The following email comes from a casino executive who came up with an interesting question. He is not the first individual who has run into this situation and is looking for a short cut to a difficult process for determining when the card counter will increase his/her wager profitability with the count. It got me thinking about how the problem can be solved in a manner that does not confuse surveillance and floor personal and might make their jobs somewhat easier.
I need some direction. I work with a good group of young surveillance people, but they are having a hard time with the concept of true count. Is there any way they can determine a bj player has the edge using only the running count?
Good question. There is a method for using the running count as the tool for determining at what point a suspected counter would wager more money. Instead of converting the running count to true count, you can determine the count needed to wager more money (and take insurance) when certain portions of the dealt shoe have been seen by the suspected counter.
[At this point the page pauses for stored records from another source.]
(* Let $2\le k<n$ (with $n-k\ge2$... as needed for the objects to be defined), let $\mathcal{V}=[\mathcal{T}^{(1)},\ldots,\mathcal{T}^{(n)}]$ be a one-parameter array of type $(k,n)$ on $\{1,\ldots,n\}$, and let $\mathcal{V}^*$ be a one-parameter array of type $(n-k,n)$ dual to $\mathcal{V}$, i.e. $\mathcal{F}(\mathcal{V})=\mathcal{F}(\mathcal{V}^* )$ under the relabeling $s_I\leftrightarrow s_{\{1,\ldots,n\}\setminus I}$. Then for every $i=1,\ldots,n$, the hard limit $\mathcal{T}^{(i)}$ (an array of type $(k-1,n-1)$ on $\{1,\ldots,n\}\setminus\{i\}$) is dual to the soft limit $\tilde{\mathcal{V}}^*_i$ (an array of type $(n-k,n-1)$ on $\{1,\ldots,n\}\setminus\{i\}$).
   Context: Labels carry the cyclic order $1<\cdots<n$. A planar Feynman diagram on a label set $L$ is a tree with leaves labelled by $L$, internal vertices of degree at least 3, planar for the induced cyclic order, with nonnegative internal edge lengths, giving a tree metric $d_{ab}$. For a label set $N$ with $|N|=n$ and $2\le k<n$, an array of type $(k,n)$ on $N$ assigns to every $(k-2)$-subset $\{i_1,\ldots,i_{k-2}\}\subseteq N$ a planar Feynman diagram $\mathcal{V}_{i_1\ldots i_{k-2}}$ on $N\setminus\{i_1,\ldots,i_{k-2}\}$ with metric $d^{(i_1\ldots i_{k-2})}_{ab}$, such that $\pi_{i_1\ldots i_k}:=d^{(i_1\ldots i_{k-2})}_{i_{k-1}i_k}$ is totally symmetric. Metrics are considered modulo $\pi_I\sim\pi_I+\sum_{i\in I}w_i$. A one-parameter array (ray) has metric $x\,V$ for a fixed tensor $V$ and one parameter $x>0$. Kinematic invariants of type $(k,n)$ on $N$ are real numbers $s_I$, one for each $k$-subset $I\subseteq N$, satisfying momentum conservation $\sum_{I\ni j}s_I=0$ for every $j\in N$. For a ray $\mathcal{V}$ with tensor $V$ set $\mathcal{F}(\mathcal{V}):=\sum_{|I|=k}s_I V_I$, a linear function of the kinematic invariants (well defined modulo $\sim$ thanks to momentum conservation). A ray $\mathcal{V}$ of type $(k,n)$ and a ray $\mathcal{V}^*$ of type $(n-k,n)$ on $N$ are dual if $\mathcal{F}(\mathcal{V})$ and $\mathcal{F}(\mathcal{V}^* )$ agree as functions on kinematic space after identifying $s_I$ with $s_{N\setminus I}$. Hard limit (column) on label $i$: $\mathcal{T}^{(i)}$ is the array of type $(k-1,n-1)$ on $N\setminus\{i\}$ with $\mathcal{T}^{(i)}_{i_2\ldots i_{k-2}}:=\mathcal{V}_{i\,i_2\ldots i_{k-2}}$. Soft limit on label $i$: $\tilde{\mathcal{V}}_i$ is the array of type $(k,n-1)$ on $N\setminus\{i\}$ whose entries are the $\mathcal{V}_J$ with $i\notin J$, with the leaf $i$ removed from each diagram. *)

From HB Require Import structures.
From mathcomp Require Import all_boot all_order all_algebra.
From mathcomp Require Import reals.

Set Implicit Arguments.
Unset Strict Implicit.
Unset Printing Implicit Defensive.
Import Order.TTheory GRing.Theory Num.Theory.
Local Open Scope ring_scope.

(* Labels are the elements of 'I_n (i.e. 0 < 1 < ... < n-1, standing for
   1 < ... < n), with the cyclic order induced by the natural order.
   A label set is a subset L : {set 'I_n}. *)

Section Diagrams.
Variable R : realType.
Variable n : nat.

Definition lin_interval (L A : {set 'I_n}) : bool :=
  [forall a, forall b, forall c,
     [&& a \in L, b \in L, c \in L, (a < b)%N, (b < c)%N, a \in A & c \in A]
       ==> (b \in A)].

Definition cyc_interval (L A : {set 'I_n}) : bool :=
  lin_interval L A || lin_interval L (L :\: A).

Definition is_min (L : {set 'I_n}) (x : 'I_n) : bool :=
  (x \in L) && [forall y in L, (x <= y)%N].

(* A split A | L\A is represented by its side not containing min L. *)
Definition normalized (L A : {set 'I_n}) : bool :=
  [forall x, is_min L x ==> (x \notin A)].

Definition norm_side (L C : {set 'I_n}) : {set 'I_n} :=
  if [exists x in C, is_min L x] then L :\: C else C.

(* nontrivial split of L, i.e. an internal edge of a tree with leaf set L *)
Definition nontriv (L A : {set 'I_n}) : bool :=
  [&& A \subset L, (2 <= #|A|)%N & (2 <= #|L :\: A|)%N].

Definition compatible (L A B : {set 'I_n}) : bool :=
  [|| A :&: B == set0, A :&: (L :\: B) == set0,
      (L :\: A) :&: B == set0 | (L :\: A) :&: (L :\: B) == set0].

(* A (planar, metric) Feynman diagram, encoded by its split system
   (Buneman): [lam A] is the length of the internal edge inducing the
   split A | L\A (0 if there is no such edge), [pend a] the length of the
   leaf edge at a. *)
Record diagram := Diagram {
  lam : {set 'I_n} -> R;
  pend : 'I_n -> R
}.

(* D is a planar Feynman diagram on the label set L: its internal edges
   are pairwise compatible nontrivial splits of L that are cyclic
   intervals (planarity), with nonnegative lengths. *)
Definition planar_diagram (L : {set 'I_n}) (D : diagram) : Prop :=
  (forall A, 0 <= lam D A) /\
  (forall A, lam D A != 0 ->
     [&& nontriv L A, cyc_interval L A & normalized L A]) /\
  (forall A B, lam D A != 0 -> lam D B != 0 -> compatible L A B).

Definition dist (D : diagram) (a b : 'I_n) : R :=
  if a == b then 0 else
  pend D a + pend D b +
  \sum_(A : {set 'I_n}) (if (a \in A) != (b \in A) then lam D A else 0).

(* An array assigns a diagram to every subset J (only the (k-2)-subsets
   J of N matter). *)
Definition array := {set 'I_n} -> diagram.

Definition is_array (N : {set 'I_n}) (k : nat) (V : array) : Prop :=
  [/\ (2 <= k)%N, (k < #|N|)%N,
      (forall J : {set 'I_n}, J \subset N -> #|J| = (k - 2)%N ->
                 planar_diagram (N :\: J) (V J)) &
      (forall I : {set 'I_n}, I \subset N -> #|I| = k ->
       forall a b c d, a \in I -> b \in I -> c \in I -> d \in I ->
         a != b -> c != d ->
         dist (V (I :\: [set a; b])) a b = dist (V (I :\: [set c; d])) c d)].

(* the tensor pi_I = d^{(I \ {a,b})}_{ab} (well defined by symmetry) *)
Definition tensor (V : array) (I : {set 'I_n}) : R :=
  match [pick a in I] with
  | Some a =>
      match [pick b in I :\ a] with
      | Some b => dist (V (I :\: [set a; b])) a b
      | None => 0
      end
  | None => 0
  end.

Definition momentum (N : {set 'I_n}) (k : nat) (s : {set 'I_n} -> R) : Prop :=
  forall j, j \in N ->
    \sum_(I : {set 'I_n} | [&& I \subset N, #|I| == k & j \in I]) s I = 0.

Definition Fsum (N : {set 'I_n}) (k : nat) (V : array)
    (s : {set 'I_n} -> R) : R :=
  \sum_(I : {set 'I_n} | (I \subset N) && (#|I| == k)) s I * tensor V I.

Definition dual (N : {set 'I_n}) (k : nat) (V Vs : array) : Prop :=
  [/\ is_array N k V, is_array N (#|N| - k) Vs &
      forall s, momentum N k s ->
        Fsum N k V s = Fsum N (#|N| - k) Vs (fun J => s (N :\: J))].

Definition hard (V : array) (i : 'I_n) : array := fun J => V (i |: J).

(* removing leaf i from a diagram on L (suppressing the degree-2 vertex:
   edges whose splits coincide after removal are merged, internal edges
   that become trivial are merged into the corresponding leaf edge) *)
Definition remove_leaf (L : {set 'I_n}) (i : 'I_n) (D : diagram) : diagram :=
  let L' := L :\ i in
  Diagram
    (fun B => if nontriv L' B then
                \sum_(A : {set 'I_n} | norm_side L' (A :\ i) == B) lam D A
              else 0)
    (fun j => pend D j +
       \sum_(A : {set 'I_n} |
               (A :\ i == [set j]) || ((L :\: A) :\ i == [set j])) lam D A).
(* For every finite domain $D$ and every finite family $\Gamma=\{(P_i,Q_i)\}$ of promise relations over $D$, the problem $\operatorname{PCSP}_R(\Gamma)$ is polynomial-time equivalent to $\operatorname{PCSP}(\Gamma)$.
   Context: A promise relation over $D$ is a pair $(P,Q)$ with $P\subseteq Q\subseteq D^k$. An instance of $\operatorname{PCSP}(\Gamma)$ on variables $x_1,\dots,x_n$ is a list of clauses, each consisting of some $(P,Q)\in\Gamma$ of arity $k$ and a $k$-tuple of variables (repetitions allowed); $\Psi_P$ (resp. $\Psi_Q$) is the conjunction of the $P$- (resp. corresponding $Q$-) constraints, with assignments ranging over $D^n$. $\operatorname{PCSP}(\Gamma)$ is the promise problem: output YES if $\Psi_P$ is satisfiable, NO if $\Psi_Q$ is unsatisfiable. $\operatorname{PCSP}_R(\Gamma)$ is the same promise problem restricted to instances in which no clause contains the same variable more than once. *)

From mathcomp Require Import all_boot.
Set Implicit Arguments.
Unset Strict Implicit.
Unset Printing Implicit Defensive.

Record pr_family (D : finType) := PrFamily {
  pf_m : nat;
  pf_ar : 'I_pf_m -> nat;
  pf_P : forall i : 'I_pf_m, {set (pf_ar i).-tuple D};
  pf_Q : forall i : 'I_pf_m, {set (pf_ar i).-tuple D}
}.

Section Instances.
Variables (D : finType) (G : pr_family D).

Definition clause (n : nat) := {i : 'I_(pf_m G) & (@pf_ar D G i).-tuple 'I_n}.

Definition instance := {n : nat & seq (clause n)}.

Definition inst_n (I : instance) : nat := projT1 I.
Definition inst_cl (I : instance) : seq (clause (inst_n I)) := projT2 I.

Definition satP (I : instance) : Prop :=
  exists a : 'I_(inst_n I) -> D,
    forall c, c \in inst_cl I -> map_tuple a (projT2 c) \in @pf_P D G (projT1 c).

Definition satQ (I : instance) : Prop :=
  exists a : 'I_(inst_n I) -> D,
    forall c, c \in inst_cl I -> map_tuple a (projT2 c) \in @pf_Q D G (projT1 c).

Definition no_repeats (I : instance) : Prop :=
  forall c, c \in inst_cl I -> uniq (projT2 c).

Definition enc_nat (k : nat) : seq bool := nseq k true ++ [:: false].

Definition enc_clause n (c : clause n) : seq bool :=
  enc_nat (val (projT1 c)) ++ flatten (map (fun v : 'I_n => enc_nat (val v)) (val (projT2 c))).

Definition enc_inst (I : instance) : seq bool :=
  enc_nat (inst_n I) ++ flatten (map (@enc_clause (inst_n I)) (inst_cl I)).

End Instances.

Record promise_problem := PromiseProblem {
  pp_yes : seq bool -> Prop;
  pp_no  : seq bool -> Prop
}.

Definition PCSP (D : finType) (G : pr_family D) : promise_problem :=
  PromiseProblem (fun x => exists I : instance G, x = enc_inst I /\ satP I)
                 (fun x => exists I : instance G, x = enc_inst I /\ ~ satQ I).

Definition PCSP_R (D : finType) (G : pr_family D) : promise_problem :=
  PromiseProblem
    (fun x => exists I : instance G, [/\ x = enc_inst I, no_repeats I & satP I])
    (fun x => exists I : instance G, [/\ x = enc_inst I, no_repeats I & ~ satQ I]).

(* Machine model: deterministic single-tape Turing machines with       *)
(* finitely many states over the tape alphabet {0,1,blank}             *)
(* (blank = None).                                                     *)
Inductive move := MoveL | MoveR | Stay.

Record TM := MkTM {
  tm_nst : nat;  (* states are 'I_(tm_nst.+1); the start state is ord0 *)
  (* None = halt *)
  tm_delta : 'I_tm_nst.+1 -> option bool ->
             option ('I_tm_nst.+1 * option bool * move)
}.

(* configuration: state, tape to the left of the head (nearest first),
   symbol under the head, tape to the right of the head *)
Record config (M : TM) := Config {
  cf_state : 'I_(tm_nst M).+1;
  cf_left : seq (option bool);
  cf_cur : option bool;
  cf_right : seq (option bool)
}.

Definition do_move (l : seq (option bool)) (s : option bool) (r : seq (option bool))
  (d : move) : seq (option bool) * option bool * seq (option bool) :=
  match d with
  | Stay => (l, s, r)
  | MoveL => match l with
             | [::] => ([::], None, s :: r)
             | a :: l' => (l', a, s :: r)
             end
  | MoveR => match r with
             | [::] => (s :: l, None, [::])
             | a :: r' => (s :: l, a, r')
             end
  end.

(* run M t c = Some c' iff M started in configuration c halts within t
   steps, in configuration c'. *)
Fixpoint run (M : TM) (t : nat) (c : config M) : option (config M) :=
  match tm_delta (cf_state c) (cf_cur c) with
  | None => Some c
  | Some (q, w, d) =>
      match t with
      | 0 => None
      | t'.+1 =>
          let: (l, s, r) := do_move (cf_left c) w (cf_right c) d in
          run t' (Config q l s r)
      end
  end.

Definition init_config (M : TM) (x : seq bool) : config M :=
  match x with
  | [::] => Config ord0 [::] None [::]
  | b :: x' => Config ord0 [::] (Some b) (map Some x')
  end.

Fixpoint read_word (s : seq (option bool)) : seq bool :=
  match s with
  | Some b :: s' => b :: read_word s'
  | _ => [::]
  end.

Definition output (M : TM) (c : config M) : seq bool :=
  read_word (cf_cur c :: cf_right c).

Definition poly_time_computable (f : seq bool -> seq bool) : Prop :=
  exists (M : TM) (k : nat), forall x : seq bool,
    exists c : config M, run (size x ^ k + k) (init_config M x) = Some c
                         /\ output c = f x.

Definition pt_reduces (A B : promise_problem) : Prop :=
  exists f : seq bool -> seq bool, poly_time_computable f /\
    (forall x, pp_yes A x -> pp_yes B (f x)) /\
    (forall x, pp_no A x -> pp_no B (f x)).

Definition pt_equivalent (A B : promise_problem) : Prop :=
  pt_reduces A B /\ pt_reduces B A.

(* PCSP_R(Γ) is the restriction of PCSP(Γ) to instances without a repeated
   variable in a clause, so the identity reduces it to PCSP(Γ).  Conversely,
   let [width] exceed every arity and [copies = (|D| + 1) * width].  Replace
   each variable v by its copies (v, j), j < copies, and each clause by its
   copies along all injective patterns σ : [0, width) -> [0, copies), the t-th
   variable v_t becoming (v_t, σ t); no clause of the new instance repeats a
   variable.  A P-solution lifts by forgetting the copy index.  Given a
   Q-solution b of the new instance, give v the most frequent value of b on
   its copies: it occurs on at least [width] of them, so a greedy choice gives
   an injective σ along which b takes these majority values, and the
   Q-constraint of that copy of a clause is the original Q-constraint.
   On encodings the reduction is a fixed number of passes of finite-state
   transducers, one per pattern, which a single-tape machine simulates in
   quadratic time. *)

From HB Require Import structures.
From mathcomp Require Import all_boot zify.
Set Implicit Arguments.
Unset Strict Implicit.
Unset Printing Implicit Defensive.

Definition reaches (M : TM) (c c' : config M) (n : nat) :=
  forall t, run (n + t) c = run t c'.

Lemma reaches0 M (c : config M) : reaches c c 0.
Proof. by []. Qed.

Lemma reaches_trans M (c1 c2 c3 : config M) n1 n2 :
  reaches c1 c2 n1 -> reaches c2 c3 n2 -> reaches c1 c3 (n1 + n2).
Proof. by move=> h1 h2 t; rewrite -addnA h1 h2. Qed.

Lemma run_halted (M : TM) (c : config M) t :
  tm_delta (cf_state c) (cf_cur c) = None -> run t c = Some c.
Proof. by case: t => [|t] /= ->. Qed.

Lemma run_eq_delta (M : TM) (q q' : 'I_(tm_nst M).+1) l s r t :
  tm_delta q s = tm_delta q' s -> tm_delta q s <> None ->
  run t (@Config M q l s r) = run t (Config q' l s r).
Proof. by move=> h; case: t => [|t] /=; rewrite -h; case: (tm_delta q s). Qed.

(* [cfg q l r]: [l] lists the cells left of the head, nearest first, and [r]
   the cells from the head on; cells beyond both lists are blank.  [cfgL]
   is the configuration after moving the head of [cfg q l r] one cell left. *)
Definition cfg (M : TM) q (l r : seq (option bool)) : config M :=
  Config q l (head None r) (behead r).

Definition cfgL (M : TM) q (l r : seq (option bool)) : config M :=
  cfg q (behead l) (head None l :: r).

Lemma reaches_stepR (M : TM) q l r q' w :
  tm_delta q (head None r) = Some (q', w, MoveR) ->
  reaches (@cfg M q l r) (cfg q' (w :: l) (behead r)) 1.
Proof. by move=> hd t; rewrite add1n /= hd; case: r hd => [|a [|b r]]. Qed.

Lemma reaches_stepL (M : TM) q l r q' w :
  tm_delta q (head None r) = Some (q', w, MoveL) ->
  reaches (@cfg M q l r) (cfgL q' l (w :: behead r)) 1.
Proof. by move=> hd t; rewrite add1n /= hd; case: l. Qed.

Lemma read_word_blank_tail (x : seq bool) (r : seq (option bool)) :
  all (pred1 None) r -> read_word (map Some x ++ r) = x.
Proof. by elim: x => [|b x IH] /= h; [case: r h => [|[]] | rewrite IH]. Qed.

Lemma read_word_head_behead (s : seq (option bool)) :
  read_word (head None s :: behead s) = read_word s.
Proof. by case: s. Qed.

Lemma blank_head (r : seq (option bool)) : all (pred1 None) r -> head None r = None.
Proof. by case: r => [|[]]. Qed.

Lemma blank_behead (r : seq (option bool)) : all (pred1 None) r -> all (pred1 None) (behead r).
Proof. by case: r => //= a r /andP[]. Qed.

Lemma catrev_map_rev (T U : Type) (f : T -> U) (v : seq T) R :
  catrev (map f (rev v)) R = map f v ++ R.
Proof. by rewrite catrevE map_rev revK. Qed.

Lemma mul_sq_le_pow (A n : nat) : A * n.+1 ^ 2 <= n ^ (4 * A + 4) + (4 * A + 4).
Proof.
case: n => [|n]; first by rewrite exp1n muln1 exp0n //; lia.
case: n => [|n]; first by rewrite exp1n; lia.
set m := n.+2.
have m_sq : m.+1 ^ 2 <= 4 * m ^ 2 by rewrite !expnS !expn0; nia.
have A_small : 4 * A < m ^ (4 * A + 2).
  have := ltn_expl (4 * A + 2) (isT : 1 < 2).
  have : 2 ^ (4 * A + 2) <= m ^ (4 * A + 2) by rewrite leq_exp2r //; lia.
  lia.
have -> : m ^ (4 * A + 4) = m ^ (4 * A + 2) * m ^ 2 by rewrite -expnD -addnA.
apply: leq_trans (leq_addr _ _).
apply: (leq_trans (leq_mul (leqnn A) m_sq)); rewrite mulnA (mulnC A 4).
by apply: leq_mul => //; apply: ltnW.
Qed.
The cards in the deck provides the counter with an advantage any time the “true count” is equal or greater than +1.5 (about 0.5% advantage over the house). Using a six-deck game (and only a six-deck game) as the basis, at different deck penetrations a profitable “running count” can be estimated and will work just as well as TC conversion. Since there really are not any profitable opportunities before the counter sees two out of the six decks the following estimates start after two decks have been seen by the counter. Note: These are decks that are actually “seen” by the counter playing at the table, not just dealt.
Two decks seen – Running count is +6 (+12)
Three decks seen – Running count is +4 (+9)
Four decks seen – Running count is +3 (+16)
Five decks seen – Running count is +2 (+3)
As an example, when the six-deck game gets to 2-decks (approximately 100 cards) seen, the running count needs to be +6 or greater before the counter can profitable increase his/her wager. When the six-deck game gets to 3-decks (150 cards) seen, the running count needs to be +4 or greater. And so on.
The positive number inside the parenthesis is used for determining when the counter may wager the Insurance bet profitable. In the multiple deck game of blackjack (two or more decks), the counter gains 70% to 80% of his/her advantage through wagering more in profitable situation, and 20% to 30% by deviating from basic strategy based on the count. Of all the strategy deviation gains, wagering Insurance when it is profitable provides approximate 50% of strategy gains which is 10% to 15% of total profitability. If you have your surveillance (and casino floor) team focus on correlations between profitable counts and wagering up, and profitable insurance counts and placing insurance bets (regardless the value of the hand the counter holds), your team will be better equipped to spot the true card counters. I hope that helps.